Transcribe verbatim every line from the line containing "(* data: T maps" to the end of the entries, including both endpoints. Output nothing beyond those lines.

─── Records

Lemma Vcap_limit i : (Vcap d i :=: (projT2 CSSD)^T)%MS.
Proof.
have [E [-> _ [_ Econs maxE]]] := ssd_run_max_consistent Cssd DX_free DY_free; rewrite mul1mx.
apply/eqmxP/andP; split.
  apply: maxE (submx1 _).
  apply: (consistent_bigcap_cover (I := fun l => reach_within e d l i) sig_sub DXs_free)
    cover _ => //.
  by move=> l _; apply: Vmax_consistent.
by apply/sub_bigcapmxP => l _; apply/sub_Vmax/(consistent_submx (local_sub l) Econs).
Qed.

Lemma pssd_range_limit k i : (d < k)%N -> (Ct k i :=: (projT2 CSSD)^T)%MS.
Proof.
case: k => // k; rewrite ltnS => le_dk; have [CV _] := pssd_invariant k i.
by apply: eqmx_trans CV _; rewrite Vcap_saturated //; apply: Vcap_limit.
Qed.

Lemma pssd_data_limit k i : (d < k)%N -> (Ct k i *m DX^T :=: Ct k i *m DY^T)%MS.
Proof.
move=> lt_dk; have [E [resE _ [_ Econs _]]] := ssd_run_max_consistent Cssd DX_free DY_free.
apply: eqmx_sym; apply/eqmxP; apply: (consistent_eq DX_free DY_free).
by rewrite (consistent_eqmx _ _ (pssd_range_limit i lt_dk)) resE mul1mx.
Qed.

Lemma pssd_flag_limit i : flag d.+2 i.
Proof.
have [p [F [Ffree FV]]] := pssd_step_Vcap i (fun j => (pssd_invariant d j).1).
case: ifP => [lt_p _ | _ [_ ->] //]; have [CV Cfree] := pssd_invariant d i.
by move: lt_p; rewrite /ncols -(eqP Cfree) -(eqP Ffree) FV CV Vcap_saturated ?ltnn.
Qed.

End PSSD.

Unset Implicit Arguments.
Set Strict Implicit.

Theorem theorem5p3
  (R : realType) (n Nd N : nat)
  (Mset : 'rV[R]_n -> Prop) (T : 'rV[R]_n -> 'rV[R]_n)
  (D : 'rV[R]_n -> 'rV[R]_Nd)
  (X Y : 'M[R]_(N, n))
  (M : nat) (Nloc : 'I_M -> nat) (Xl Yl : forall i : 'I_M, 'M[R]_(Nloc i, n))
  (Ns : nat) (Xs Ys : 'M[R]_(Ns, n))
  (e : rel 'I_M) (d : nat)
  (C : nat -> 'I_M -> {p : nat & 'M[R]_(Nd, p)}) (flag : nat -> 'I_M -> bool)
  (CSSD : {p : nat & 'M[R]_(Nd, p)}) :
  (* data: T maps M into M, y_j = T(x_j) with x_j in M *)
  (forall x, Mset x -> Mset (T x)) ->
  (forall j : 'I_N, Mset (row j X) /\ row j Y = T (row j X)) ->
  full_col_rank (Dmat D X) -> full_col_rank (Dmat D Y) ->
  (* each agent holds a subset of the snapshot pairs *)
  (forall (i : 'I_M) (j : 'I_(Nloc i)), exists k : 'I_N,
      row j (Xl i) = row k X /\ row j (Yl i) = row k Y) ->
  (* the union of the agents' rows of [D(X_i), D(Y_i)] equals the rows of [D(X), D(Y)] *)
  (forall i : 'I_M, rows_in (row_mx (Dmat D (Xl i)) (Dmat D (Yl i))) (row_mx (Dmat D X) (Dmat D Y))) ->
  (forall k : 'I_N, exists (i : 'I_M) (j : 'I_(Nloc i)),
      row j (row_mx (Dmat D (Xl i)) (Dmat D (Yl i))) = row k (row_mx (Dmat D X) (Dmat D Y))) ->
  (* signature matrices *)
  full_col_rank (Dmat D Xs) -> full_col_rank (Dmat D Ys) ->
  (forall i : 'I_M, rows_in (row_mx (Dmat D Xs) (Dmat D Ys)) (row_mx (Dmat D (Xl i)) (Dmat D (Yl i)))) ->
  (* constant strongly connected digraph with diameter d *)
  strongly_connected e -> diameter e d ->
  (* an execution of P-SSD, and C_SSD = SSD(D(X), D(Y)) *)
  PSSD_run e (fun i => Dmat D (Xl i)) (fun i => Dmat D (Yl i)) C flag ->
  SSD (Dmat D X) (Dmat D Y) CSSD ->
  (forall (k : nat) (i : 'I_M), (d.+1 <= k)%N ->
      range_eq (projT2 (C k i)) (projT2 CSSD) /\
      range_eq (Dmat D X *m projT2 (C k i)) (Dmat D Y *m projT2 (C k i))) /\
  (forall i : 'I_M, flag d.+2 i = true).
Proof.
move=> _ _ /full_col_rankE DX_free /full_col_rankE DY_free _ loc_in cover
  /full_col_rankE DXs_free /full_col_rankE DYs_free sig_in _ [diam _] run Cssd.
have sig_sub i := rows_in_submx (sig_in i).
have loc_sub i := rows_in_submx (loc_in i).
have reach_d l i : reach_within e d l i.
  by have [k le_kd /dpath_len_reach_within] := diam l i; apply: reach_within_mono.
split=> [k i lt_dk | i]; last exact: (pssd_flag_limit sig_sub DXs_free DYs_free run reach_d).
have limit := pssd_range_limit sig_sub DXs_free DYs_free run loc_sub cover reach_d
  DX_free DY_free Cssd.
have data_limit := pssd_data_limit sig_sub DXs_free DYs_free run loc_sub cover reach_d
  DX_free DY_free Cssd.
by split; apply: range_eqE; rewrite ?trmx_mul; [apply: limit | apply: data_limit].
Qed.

──────

_Response_
  (* data: T maps M into M, y_j = T(x_j) with x_j in M *)
  (forall x, Mset x -> Mset (T x)) ->
  (forall j : 'I_N, Mset (row j X) /\ row j Y = T (row j X)) ->
  full_col_rank (Dmat D X) -> full_col_rank (Dmat D Y) ->
  (* each agent holds a subset of the snapshot pairs *)
  (forall (i : 'I_M) (j : 'I_(Nloc i)), exists k : 'I_N,
      row j (Xl i) = row k X /\ row j (Yl i) = row k Y) ->
  (* the union of the agents' rows of [D(X_i), D(Y_i)] equals the rows of [D(X), D(Y)] *)
  (forall i : 'I_M, rows_in (row_mx (Dmat D (Xl i)) (Dmat D (Yl i))) (row_mx (Dmat D X) (Dmat D Y))) ->
  (forall k : 'I_N, exists (i : 'I_M) (j : 'I_(Nloc i)),
      row j (row_mx (Dmat D (Xl i)) (Dmat D (Yl i))) = row k (row_mx (Dmat D X) (Dmat D Y))) ->
  (* signature matrices *)
  full_col_rank (Dmat D Xs) -> full_col_rank (Dmat D Ys) ->
  (forall i : 'I_M, rows_in (row_mx (Dmat D Xs) (Dmat D Ys)) (row_mx (Dmat D (Xl i)) (Dmat D (Yl i)))) ->
  (* constant strongly connected digraph with diameter d *)
  strongly_connected e -> diameter e d ->
  (* an execution of P-SSD, and C_SSD = SSD(D(X), D(Y)) *)
  PSSD_run e (fun i => Dmat D (Xl i)) (fun i => Dmat D (Yl i)) C flag ->
  SSD (Dmat D X) (Dmat D Y) CSSD ->
  (forall (k : nat) (i : 'I_M), (d.+1 <= k)%N ->
      range_eq (projT2 (C k i)) (projT2 CSSD) /\
      range_eq (Dmat D X *m projT2 (C k i)) (Dmat D Y *m projT2 (C k i))) /\
  (forall i : 'I_M, flag d.+2 i = true).
Proof.
move=> _ _ /full_col_rankE DX_free /full_col_rankE DY_free _ loc_in cover
  /full_col_rankE DXs_free /full_col_rankE DYs_free sig_in _ [diam _] run Cssd.
have sig_sub i := rows_in_submx (sig_in i).
have loc_sub i := rows_in_submx (loc_in i).
have reach_d l i : reach_within e d l i.
  by have [k le_kd /dpath_len_reach_within] := diam l i; apply: reach_within_mono.
split=> [k i lt_dk | i]; last exact: (pssd_flag_limit sig_sub DXs_free DYs_free run reach_d).
have limit := pssd_range_limit sig_sub DXs_free DYs_free run loc_sub cover reach_d
  DX_free DY_free Cssd.
have data_limit := pssd_data_limit sig_sub DXs_free DYs_free run loc_sub cover reach_d
  DX_free DY_free Cssd.
by split; apply: range_eqE; rewrite ?trmx_mul; [apply: limit | apply: data_limit].
Qed.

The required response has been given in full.